Deputy Banks first filed his lawsuit against Special Agent Rodgers in January of 2014, alleging that Special Agent Rodgers, during his investigation of the case, committed civil rights violations under Federal Statute 1983 and intentional infliction of emotional distress. Chelsea represented Special Agent Rodgers since the initial Complaint was filed with the continued intention of seeking a dismissal of the case against Agent Rodgers through a Motion for Summary Judgment. Years of litigation ensued, with the depositions of high profile members of the legal and law enforcement community including numerous law enforcement officers, the Sheriff of St. Johns County, State Attorneys, and a Judge.

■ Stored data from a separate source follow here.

Lemma rows_parallel_neg_col c A i j : rows_parallel (neg_col c A) i j = rows_parallel A i j.
Proof.
by rewrite /rows_parallel; congr (_ || _); apply: eq_forallb => k;
  rewrite !mxE; case: (k == c); rewrite ?eqr_opp.
Qed.

Lemma eq_parallel_rows A B :
  (forall i j, rows_parallel A i j = rows_parallel B i j) -> parallel_rows A = parallel_rows B.
Proof. by move=> E; apply: eq_bigr => i _; apply: eq_bigr => j _; rewrite E. Qed.

Lemma trmx_neg_row i A : (neg_row i A)^T = neg_col i A^T.
Proof. by apply/matrixP=> k l; rewrite !mxE. Qed.

Lemma elem_op_parallel A B : elem_op A B ->
  parallel_rows A = parallel_rows B /\ parallel_rows A^T = parallel_rows B^T.
Proof.
case=> [i1 i2 X|j1 j2 X|i X|j X]; rewrite ?tr_xrow ?tr_xcol ?trmx_neg_row ?trmx_neg_col.
- by rewrite parallel_rows_xrow (eq_parallel_rows (rows_parallel_xcol _ _ _)).
- by rewrite parallel_rows_xrow (eq_parallel_rows (rows_parallel_xcol _ _ _)).
- by rewrite (eq_parallel_rows (rows_parallel_neg_row _ _))
             (eq_parallel_rows (rows_parallel_neg_col _ _)).
- by rewrite (eq_parallel_rows (rows_parallel_neg_col _ _))
             (eq_parallel_rows (rows_parallel_neg_row _ _)).
Qed.

Lemma equiv_pm_parallel A B : equiv_pm A B ->
  parallel_rows A = parallel_rows B /\ parallel_rows A^T = parallel_rows B^T.
Proof. by elim=> // X Y Z /elem_op_parallel[-> ->]. Qed.

Lemma sum_perm_permutations (R : comNzSemiRingType) n (F : nat -> nat -> R) :
  \sum_(s : 'S_n) \prod_(i < n) F i (s i) =
  \sum_(q <- permutations (iota 0 n)) \prod_(i < n) F i (nth 0%N q i).
Proof.
pose graph (s : 'S_n) := [seq val (s i) | i <- enum 'I_n].
have nth_graph s (i : 'I_n) : nth 0%N (graph s) i = s i.
  by rewrite /graph (nth_map i) ?size_enum_ord ?nth_ord_enum.
have graph_inj : injective graph.
  by move=> s t st; apply/permP=> i; apply/val_inj; rewrite /= -!nth_graph st.
have graph_perm s : perm_eq (graph s) (iota 0 n).
  apply: uniq_perm; [|exact: iota_uniq|].
    by rewrite map_inj_uniq ?enum_uniq // => x y /val_inj/perm_inj.
  move=> x; rewrite mem_iota /=; apply/mapP/idP => [[i _ ->] | x_lt_n]; first exact: ltn_ord.
  by exists ((s^-1)%g (Ordinal x_lt_n)); [rewrite mem_enum | rewrite permKV].
have graphs_perm : perm_eq [seq graph s | s <- enum 'S_n] (permutations (iota 0 n)).
  have graphs_uniq : uniq [seq graph s | s <- enum 'S_n].
    by rewrite (map_inj_uniq graph_inj) enum_uniq.
  have graphs_sub : {subset [seq graph s | s <- enum 'S_n] <= permutations (iota 0 n)}.
    by move=> q /mapP[s _ ->]; rewrite mem_permutations graph_perm.
  have graphs_size : (size (permutations (iota 0 n)) <= size [seq graph s | s <- enum 'S_n])%N.
    by rewrite size_map -cardE card_Sn size_permutations ?iota_uniq ?size_iota.
  have [_ graphs_eq] := uniq_min_size graphs_uniq graphs_sub graphs_size.
  by apply: uniq_perm => //; rewrite permutations_uniq.
rewrite -(perm_big _ graphs_perm) big_map big_enum.
by apply: eq_bigr => s _; apply: eq_bigr => i _; rewrite nth_graph.
Qed.

Lemma forall_ord_iota n (P : pred nat) : [forall k : 'I_n, P k] = all P (iota 0 n).
Proof.
apply/forallP/allP=> [P_ k | P_ k]; last by apply: P_; rewrite mem_iota ltn_ord.
by rewrite mem_iota => /andP[_ k_lt_n]; apply: (P_ (Ordinal k_lt_n)).
Qed.

Lemma sumn_map_iota n (G : nat -> nat) : sumn [seq G i | i <- iota 0 n] = (\sum_(i < n) G i)%N.
Proof. by rewrite sumnE big_map -{1}(subn0 n) big_mkord. Qed.

Fixpoint bitseqs n : seq (seq bool) :=
  if n is m.+1 then [seq b :: s | b <- [:: true; false], s <- bitseqs m] else [:: [::]].

Lemma mem_bitseqs s : s \in bitseqs (size s).
Proof.
elim: s => [|b s IH] //; apply/allpairsP; exists (b, s).
by split=> //; case: b.
Qed.

(* A sign pattern lists the positions of the entries -1; only indices below 4 matter. *)
Definition signs := nat -> nat -> bool.

Definition pm (b : bool) : int := if b then -1 else 1.

Definition mx_of_signs (f : signs) : mx4 := \matrix_(i, j) pm (f i j).

Definition signs_of_mx (A : mx4) : signs := fun i j => A (inord i) (inord j) == -1.

Lemma signs_of_mxK A : pm_one A -> mx_of_signs (signs_of_mx A) = A.
Proof.
by move=> A_pm; apply/matrixP=> i j; rewrite mxE /signs_of_mx !inord_val; case: (A_pm i j) => ->.
Qed.

Lemma pm_one_mx_of_signs f : pm_one (mx_of_signs f).
Proof. by move=> i j; rewrite mxE; case: (f i j); [right|left]. Qed.

Definition transpose_signs (f : signs) : signs := fun i j => f j i.

Lemma trmx_mx_of_signs f : (mx_of_signs f)^T = mx_of_signs (transpose_signs f).
Proof. by apply/matrixP=> i j; rewrite !mxE. Qed.

Definition sign_table (f : signs) : seq (seq bool) :=
  [seq [seq f i j | j <- iota 0 4] | i <- iota 0 4].

Lemma mx_of_signs_table f g : sign_table f = sign_table g -> mx_of_signs f = mx_of_signs g.
Proof.
move=> fg; apply/matrixP=> i j; rewrite !mxE.
have /(congr1 (fun t => nth false (nth [::] t i) j)) := fg.
by rewrite /sign_table !(nth_map 0%N) ?size_iota ?nth_iota // => ->.
Qed.

Inductive op := XR of nat & nat | XC of nat & nat | NR of nat | NC of nat.

Definition op_bounded (o : op) : bool :=
  match o with
  | XR a b | XC a b => (a < 4)%N && (b < 4)%N
  | NR a | NC a => (a < 4)%N
  end.

Definition mx_op (o : op) : mx4 -> mx4 :=
  match o with
  | XR a b => xrow (inord a) (inord b)
  | XC a b => xcol (inord a) (inord b)
  | NR a => neg_row (inord a)
  | NC a => neg_col (inord a)
  end.

Definition swapn (a b i : nat) : nat := if i == a then b else if i == b then a else i.

Definition signs_op (o : op) (f : signs) : signs :=
  match o with
  | XR a b => fun i j => f (swapn a b i) j
  | XC a b => fun i j => f i (swapn a b j)
  | NR a => fun i j => f i j (+) (i == a)
  | NC a => fun i j => f i j (+) (j == a)
  end.

Lemma tperm_inord (a b : nat) (i : 'I_4) : (a < 4)%N -> (b < 4)%N ->
  tperm (inord a) (inord b) i = swapn a b i :> nat.
Proof.
move=> a4 b4; have eq_inord c : (c < 4)%N -> (i == inord c) = (val i == c).
  by move=> c4; rewrite -val_eqE /= inordK.
rewrite /swapn -!eq_inord //; case: tpermP => [->|->|/eqP/negbTE-> /eqP/negbTE->] //.
- by rewrite eqxx /= inordK.
- by rewrite eqxx; case: eqP => [ba|_]; rewrite -?ba /= inordK.
Qed.

Lemma mx_of_signs_op o f :
  op_bounded o -> mx_of_signs (signs_op o f) = mx_op o (mx_of_signs f).
Proof.
case: o => [a b|a b|a|a] /= bounded; apply/matrixP=> i j; rewrite !mxE.
- by case/andP: bounded => a4 b4; rewrite tperm_inord.
- by case/andP: bounded => a4 b4; rewrite tperm_inord.
- by rewrite -val_eqE /= inordK //; case: (i == a :> nat); case: (f i j).
- by rewrite -val_eqE /= inordK //; case: (j == a :> nat); case: (f i j).
Qed.

Definition signs_ops (os : seq op) (f : signs) : signs := foldl (fun g o => signs_op o g) f os.

Lemma equiv_signs_ops os f :
  all op_bounded os -> equiv_pm (mx_of_signs f) (mx_of_signs (signs_ops os f)).
Proof.
elim: os f => [|o os IH] f /=; first by move=> _; apply: Defs.eq_refl.
case/andP=> o_bounded os_bounded; apply: eq_step (IH _ os_bounded).
by rewrite mx_of_signs_op //; case: o {o_bounded} => *; constructor.
Qed.

(* Negate the rows starting with -1, then the columns whose first entry is still -1. *)
Definition normalize (f : signs) : signs :=
  fun i j => f i j (+) f i 0%N (+) f 0%N j (+) f 0%N 0%N.

Lemma signs_ops_cat os1 os2 f : signs_ops (os1 ++ os2) f = signs_ops os2 (signs_ops os1 f).
Proof. exact: foldl_cat. Qed.

Lemma signs_ops_neg_rows l f i j :
  signs_ops [seq NR a | a <- l] f i j = f i j (+) odd (count_mem i l).
Proof.
elim: l f => [|a l IH] f /=; first by rewrite addbF.
by rewrite IH /= oddD oddb eq_sym addbA.
Qed.

Lemma signs_ops_neg_cols l f i j :
  signs_ops [seq NC a | a <- l] f i j = f i j (+) odd (count_mem j l).
Proof.
elim: l f => [|a l IH] f /=; first by rewrite addbF.
by rewrite IH /= oddD oddb eq_sym addbA.
Qed.

Definition normalize_ops (f : signs) : seq op :=
  [seq NR i | i <- iota 0 4 & f i 0%N] ++ [seq NC j | j <- iota 0 4 & f 0%N j (+) f 0%N 0%N].

Lemma equiv_normalize f : equiv_pm (mx_of_signs f) (mx_of_signs (normalize f)).
Proof.
have count_iota (P : pred nat) (i : 'I_4) :
    odd (count_mem (i : nat) [seq k <- iota 0 4 | P k]) = P i.
  by rewrite count_uniq_mem ?filter_uniq ?iota_uniq // mem_filter mem_iota ltn_ord; case: (P i).
have -> : mx_of_signs (normalize f) = mx_of_signs (signs_ops (normalize_ops f) f).
  apply/matrixP=> i j; rewrite !mxE signs_ops_cat signs_ops_neg_cols.
  rewrite (signs_ops_neg_rows [seq k <- iota 0 4 | f k 0%N]).
  rewrite (count_iota (fun k => f k 0%N)) (count_iota (fun k => f 0%N k (+) f 0%N 0%N)).
  by rewrite /normalize !addbA.
apply: equiv_signs_ops; rewrite all_cat !all_map.
by apply/andP; split; apply/allP=> k; rewrite mem_filter mem_iota => /and3P[].
Qed.

Definition permanent_signs (f : signs) : int :=
  foldr +%R 0 [seq foldr *%R 1 [seq pm (f i (nth 0%N q i)) | i <- iota 0 4]
              | q <- permutations (iota 0 4)].

Lemma permanent_mx_of_signs f : permanent (mx_of_signs f) = permanent_signs f.
Proof.
rewrite /permanent; under eq_bigr => s _ do under eq_bigr => i _ do rewrite mxE.
rewrite (sum_perm_permutations 4 (fun i j => pm (f i j))) /permanent_signs foldrE big_map.
by apply: eq_bigr => q _; rewrite foldrE big_map -[iota 0 4]/(index_iota 0 4) big_mkord.
Qed.

Definition rows_parallel_signs (f : signs) (i j : nat) : bool :=
  all (fun k => f i k == f j k) (iota 0 4) || all (fun k => f i k != f j k) (iota 0 4).

Definition parallel_rows_signs (f : signs) : nat :=
  sumn [seq sumn [seq rows_parallel_signs f i j : nat | j <- iota 0 4] | i <- iota 0 4].

Lemma parallel_rows_mx_of_signs f : parallel_rows (mx_of_signs f) = parallel_rows_signs f.
Proof.
have E (i j : 'I_4) : rows_parallel (mx_of_signs f) i j = rows_parallel_signs f i j.
  rewrite /rows_parallel /rows_parallel_signs -!forall_ord_iota.
  by congr (_ || _); apply: eq_forallb => k; rewrite !mxE; case: (f i k); case: (f j k).
rewrite /parallel_rows_signs sumn_map_iota; apply: eq_bigr => i _.
by rewrite sumn_map_iota; apply: eq_bigr => j _; rewrite E.
Qed.

Definition signs_of_rows (r : seq (seq bool)) : signs := fun i j => nth false (nth [::] r i) j.

Definition rep_signs (k : nat) : signs :=
  let S1 := signs_of_rows [:: [:: true; true; false; false]] in
  let S2 := signs_of_rows [:: [:: true; true; false; false]; [:: false; true; true; false]] in
  let S3 := signs_of_rows [:: [:: true; true; false; false]; [:: false; true; false; false];
                              [:: false; false; true; false]] in
  match k with
  | 0 => S1 | 1 => transpose_signs S1 | 2 => S2 | 3 => transpose_signs S2 | _ => S3
  end.

Lemma reps_mx_of_signs (k : 'I_5) : reps k = mx_of_signs (rep_signs k).
Proof.
case: k => [[|[|[|[|[|k]]]]] k_lt5] //=; apply/matrixP=> i j; rewrite /reps /= !mxE;
  by case: i => [[|[|[|[|i]]]] ?]; case: j => [[|[|[|[|j]]]] ?].
Qed.

(* Every permutation of 'I_4 is a product (0 a)(1 b)(2 c) with a >= 0, b >= 1, c >= 2. *)
Definition swaps (X : nat -> nat -> op) (i : nat) : seq op := [seq X i a | a <- iota i (4 - i)].

Definition swap_words (X : nat -> nat -> op) : seq (seq op) :=
  [seq x :: w | x <- swaps X 0, w <- [seq [:: y; z] | y <- swaps X 1, z <- swaps X 2]].

Definition words : seq (seq op) := [seq r ++ c | r <- swap_words XR, c <- swap_words XC].

Lemma words_bounded : all (all op_bounded) words.
Proof. by vm_compute. Qed.

Definition rep_tables : seq (seq (seq bool)) :=
  [seq sign_table (normalize (rep_signs k)) | k <- iota 0 5].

Chelsea filed the Motion for Summary Judgment in March of 2017. The ruling from the Federal Court, granting the Motion for Summary Judgment, and dismissing Chelsea’s client, came out in March of 2018, which was reported on in local news publications. Since the death of Michelle O’Connell, the case has gained national attention and has been the subject of a documentary on Frontline, Dateline, 20/20, and three New York Times articles, including a front page story in June of 2017. Plaintiff has elected not to appeal the decision.